(* Let $n\ge1$, $d=2^n$. For all unitaries $U,V\in\mathcal{U}(d)$, $$|\mathcal{M}_{lin}(U)-\mathcal{M}_{lin}(V)|\le\frac{8d}{4+d}\,\|U-V\|_2,$$ where $\|\cdot\|_2$ is the Frobenius norm; in particular $\mathcal{M}_{lin}$ is Lipschitz on $\mathcal{U}(d)$ with a constant bounded independently of $d$.
   Context: $\mathcal{P}_n$ is the set of the $4^n$ $n$-qubit Pauli strings $\sigma_1\otimes\cdots\otimes\sigma_n$, $\sigma_i\in\{I,X,Y,Z\}$. For a pure state, $M_{lin}(|\psi\rangle)=1-d^{-1}\sum_{P\in\mathcal{P}_n}\langle\psi|P|\psi\rangle^4$. $\mathrm{STAB}$ is the finite set of $n$-qubit pure stabilizer states (states $C|0\rangle^{\otimes n}$ with $C$ a Clifford unitary, i.e. $CPC^\dagger\in\{\pm1,\pm i\}\mathcal{P}_n$ for all $P$). $\mathcal{M}_{lin}(U)=\frac{1}{|\mathrm{STAB}|}\sum_{|\psi\rangle\in\mathrm{STAB}}M_{lin}(U|\psi\rangle)$. *)

From mathcomp Require Import all_boot all_algebra complex.
From mathcomp Require Import reals.
Set Implicit Arguments. Unset Strict Implicit. Unset Printing Implicit Defensive.
Import GRing.Theory Num.Theory.
Local Open Scope ring_scope.
Local Open Scope complex_scope.

Section QDefs.
Variable R : realType.
Local Notation C := R[i].

Definition adjmx m k (A : 'M[C]_(m, k)) : 'M[C]_(k, m) :=
  (map_mx (fun z : C => z^*) A)^T.

Definition unitary d (U : 'M[C]_d) : Prop := adjmx U *m U = 1%:M.

(* single-qubit Paulis indexed by 'I_4 : 0 = I, 1 = X, 2 = Y, 3 = Z *)
Definition pauli1 (a : 'I_4) : 'M[C]_2 :=
  \matrix_(i < 2, j < 2)
   match val a with
   | 0 => if i == j then 1 else 0
   | 1 => if i == j then 0 else 1
   | 2 => if i == j then 0 else (if val i == 0 then - 'i else 'i)
   | _ => if i == j then (if val i == 0 then 1 else -1) else 0
   end.

(* k-th bit of a basis index of (C^2)^{\otimes n} *)
Definition qbit n (i : 'I_(2 ^ n)) (k : 'I_n) : 'I_2 :=
  inord (odd (i %/ 2 ^ k)).

(* Pauli string sigma_{s 0} (x) ... (x) sigma_{s (n-1)}, written entrywise:
   the (i,j) entry of a Kronecker product is the product of the entries. *)
Definition pauli n (s : {ffun 'I_n -> 'I_4}) : 'M[C]_(2 ^ n) :=
  \matrix_(i, j) \prod_(k < n) pauli1 (s k) (qbit i k) (qbit j k).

++++++++++

> [Exercise directions] All lines above that contain "with" are required in the answer.

> [Solved exercise]
(* Let $n\ge1$, $d=2^n$. For all unitaries $U,V\in\mathcal{U}(d)$, $$|\mathcal{M}_{lin}(U)-\mathcal{M}_{lin}(V)|\le\frac{8d}{4+d}\,\|U-V\|_2,$$ where $\|\cdot\|_2$ is the Frobenius norm; in particular $\mathcal{M}_{lin}$ is Lipschitz on $\mathcal{U}(d)$ with a constant bounded independently of $d$.
   Context: $\mathcal{P}_n$ is the set of the $4^n$ $n$-qubit Pauli strings $\sigma_1\otimes\cdots\otimes\sigma_n$, $\sigma_i\in\{I,X,Y,Z\}$. For a pure state, $M_{lin}(|\psi\rangle)=1-d^{-1}\sum_{P\in\mathcal{P}_n}\langle\psi|P|\psi\rangle^4$. $\mathrm{STAB}$ is the finite set of $n$-qubit pure stabilizer states (states $C|0\rangle^{\otimes n}$ with $C$ a Clifford unitary, i.e. $CPC^\dagger\in\{\pm1,\pm i\}\mathcal{P}_n$ for all $P$). $\mathcal{M}_{lin}(U)=\frac{1}{|\mathrm{STAB}|}\sum_{|\psi\rangle\in\mathrm{STAB}}M_{lin}(U|\psi\rangle)$. *)
   match val a with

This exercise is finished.